Smeerbare vetproducten
Deze producten vallen – mits het vetpercentage niet boven de 90% uitkomt – onder de EU-Verordening 1308/2013. Enkele voorbeelden van smeerbare vetproducten zijn boter, margarine en halvarine. In deze verordening staan de vetpercentages waaraan deze producten moeten voldoen om zo genoemd te mogen worden. Zo moet het melkvetgehalte in boter tussen de 80 en de 90% liggen, terwijl het melkvetgehalte van margarine niet boven de 3% mag uitkomen.
In Nederland zijn met het Warenwetbesluit Smeerbare vetproducten uit 2016 de voor Nederland zo typische bak- en braadproducten geregeld, aangezien die – onder meer vanwege het vetpercentage van boven de 90% – niet onder de in de Verordening 1308/2013 omschreven producten vielen. Ze worden beschouwd als ‘vloeibare margarine’ en moeten worden aangeduid als geschikt of bestemd voor bakken en braden.

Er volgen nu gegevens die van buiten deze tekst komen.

Lemma patch_below_sup (seq : nat -> W) s h :
  (forall n m, n <= m -> le_of lt (seq n) (seq m)) ->
  (forall x, lt x s -> exists n, le_of lt x (seq n)) ->
  patch_for h (below s) -> exists N, patch_for h (stage_cond (seq N)).
Proof.
  intros Hmono Hcof [Fh [Sh Lh]].
  destruct (finite_common_bound (fun i n => fn_nonempty (stage_cond (seq n) i)) Lh)
    as [N HN].
  - intros i n m Hnm. apply stage_cond_mono, Hmono, Hnm.
  - intros i Hi. destruct (below_support s i (Sh i Hi)) as [Hr|[x [Hx Hxi]]].
    + exists 0. apply pure_ext_nonempty with r; auto. apply stage_cond_pure_ext_base.
    + destruct (Hcof x Hx) as [n Hn]. exists n. apply stage_cond_mono with x; auto.
  - exists N. split; [|split]; auto.
Qed.

Lemma fiber_uncountable : exists h, ~ countable (fiber h).
Proof.
  pose proof Hw as (Irr & Tr & _ & _ & Unc & _).
  apply NNPP. intros Hall.
  assert (Hc : forall h, countable (fiber h)) by (intros h; apply NNPP; eauto).
  pose (reach x a := a = x \/ exists h, patch_for h (stage_cond x) /\ fiber h a).
  assert (next_exists : forall x, exists b, forall a, reach x a -> lt a b).
  { intros x. apply (omega1_bounded Hw). apply countable_union; [apply countable_singleton|].
    apply countable_Union; auto. apply countable_patches, stage_cond_cond. }
  pose (next x := epsilon (inhabits x) (fun b => forall a, reach x a -> lt a b)).
  assert (Hnext : forall x a, reach x a -> lt a (next x))
    by (intros x; apply (epsilon_spec (inhabits x)), next_exists).
  destruct (classic (inhabited W)) as [[w0]|Hempty].
  2: { apply Unc. exists (fun _ => 0). intros x. exfalso. apply Hempty. constructor. exact x. }
  pose (seq n := Nat.iter n next w0).
  assert (Hmono : forall n m, n <= m -> le_of lt (seq n) (seq m)).
  { apply (iter_le_mono Hw). intros x. apply Hnext. left. reflexivity. }
  destruct (omega1_sup Hw seq) as (s & Hub & Hcof).
  destruct (stage_good s) as (_ & _ & Hpatch & _ & Hsa & _).
  destruct (patch_below_sup seq Hmono Hcof Hpatch) as [N HN].
  assert (Hlt : lt (stage_point s) (seq (S N))).
  { apply Hnext. right. exists (stage_patch s). split; [exact HN|exists s; auto]. }
  assert (Hpt : lt (stage_point s) s) by (eapply Tr; [exact Hlt|apply Hub]).
  destruct Hsa as [Hsa|Hsa].
  - apply (Irr s). eapply Tr; eauto.
  - rewrite <- Hsa in Hpt. exact (Irr s Hpt).
Qed.

Lemma fiber_forces h (X : W -> Prop) :
  countable X -> (forall a, X a -> fiber h a) ->
  exists s, PiStar_cond s /\ PiStar_le s r /\ forall a, X a -> forces_mem Y s a.
Proof.
  intros cX HX.
  destruct (classic (exists a0, X a0)) as [[a0 Xa0]|Hempty].
  2: { exists r. split; [|split]; [auto|apply pure_ext_le, pure_ext_refl|].
       intros a Xa. exfalso. eauto. }
  pose (D a := epsilon (inhabits a) (fun d => stage_patch d = h /\ stage_point d = a)).
  assert (HD : forall a, X a -> stage_patch (D a) = h /\ stage_point (D a) = a)
    by (intros a Xa; apply (epsilon_spec (inhabits a)), HX, Xa).
  destruct (omega1_bounded Hw (A := fun d => exists a, X a /\ d = D a)) as [eta Heta].
  { apply countable_image, cX. }
  set (s := patch (stage_cond eta) h).
  assert (Key : forall a, X a ->
            PiStar_cond s /\ PiStar_le s r /\ forces_mem Y s a).
  { intros a Xa. destruct (HD a Xa) as [Eh Ea].
    destruct (stage_good (D a)) as (_ & Pd & Hpd & Ld & _ & Fd).
    rewrite Eh, Ea in *.
    assert (Peta : pure_ext (stage_cond eta) (stage_cond (D a)))
      by (apply stage_cond_chain, Heta; eauto).
    assert (Hpa : patch_for h (stage_cond (D a))) by (eapply patch_for_pure_ext; eauto).
    assert (Le : PiStar_le s (patch (stage_cond (D a)) h))
      by (apply pure_ext_le, patch_pure_ext; auto).
    split; [|split].
    - apply patch_cond; [apply stage_cond_cond|]. eapply patch_for_pure_ext; eauto.
    - apply PiStar_le_trans with (patch (stage_cond (D a)) h); auto.
      apply PiStar_le_trans with (below (D a)); auto.
      apply pure_ext_le, below_pure_ext_base.
    - apply forces_mem_le with (patch (stage_cond (D a)) h); auto. }
  exists s. destruct (Key a0 Xa0) as (Cs & Ls & _). split; [|split]; auto.
  intros a Xa. apply Key, Xa.
Qed.

End Construction.

Theorem lemma3p7 (W : Type) (lt : W -> W -> Prop) (E : W -> Prop)
  (xs : W -> W -> Prop) (K : Type) :
  is_omega1 lt ->
  (forall g, E g -> is_limit lt g) ->
  stationary lt E ->
  clubsuit_seq lt E xs ->
  forall (Y : W -> (K -> nat -> option bool) -> Prop) (p : K -> nat -> option bool),
    PiStar_cond p ->
    forces_unbounded lt Y p ->
    forces_clubsuit_hit E xs Y p.
Proof.
  intros Hw _ _ [Hcof Hguess] Y p _ Hu r Cr Lr.
  destruct (fiber_uncountable Hw Cr Lr Hu) as [h Hh].
  destruct (Hguess _ Hh) as [g [Eg Hg]].
  assert (Hxs : countable (xs g)).
  { pose proof Hw as (_ & _ & _ & _ & _ & Seg).
    apply countable_sub with (fun d => lt d g); [apply (Hcof g Eg)|apply Seg]. }
  destruct (fiber_forces Cr Lr Hu Hxs Hg) as (s & Cs & Ls & Fs).
  exists s, g. auto.
Qed.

Enkele voorbeelden van typische vraagstukken waar u mee te maken kunt krijgen zijn:
- Waar valt kruidenboter onder en wat mag er wel en niet in?
- Welke gezondheidsclaims met betrekking tot ingrediënten van margarine zijn toegestaan?
- Kan ik zonder meer plantenstanolen aan mijn product toevoegen?
- Mag boter additieven bevatten?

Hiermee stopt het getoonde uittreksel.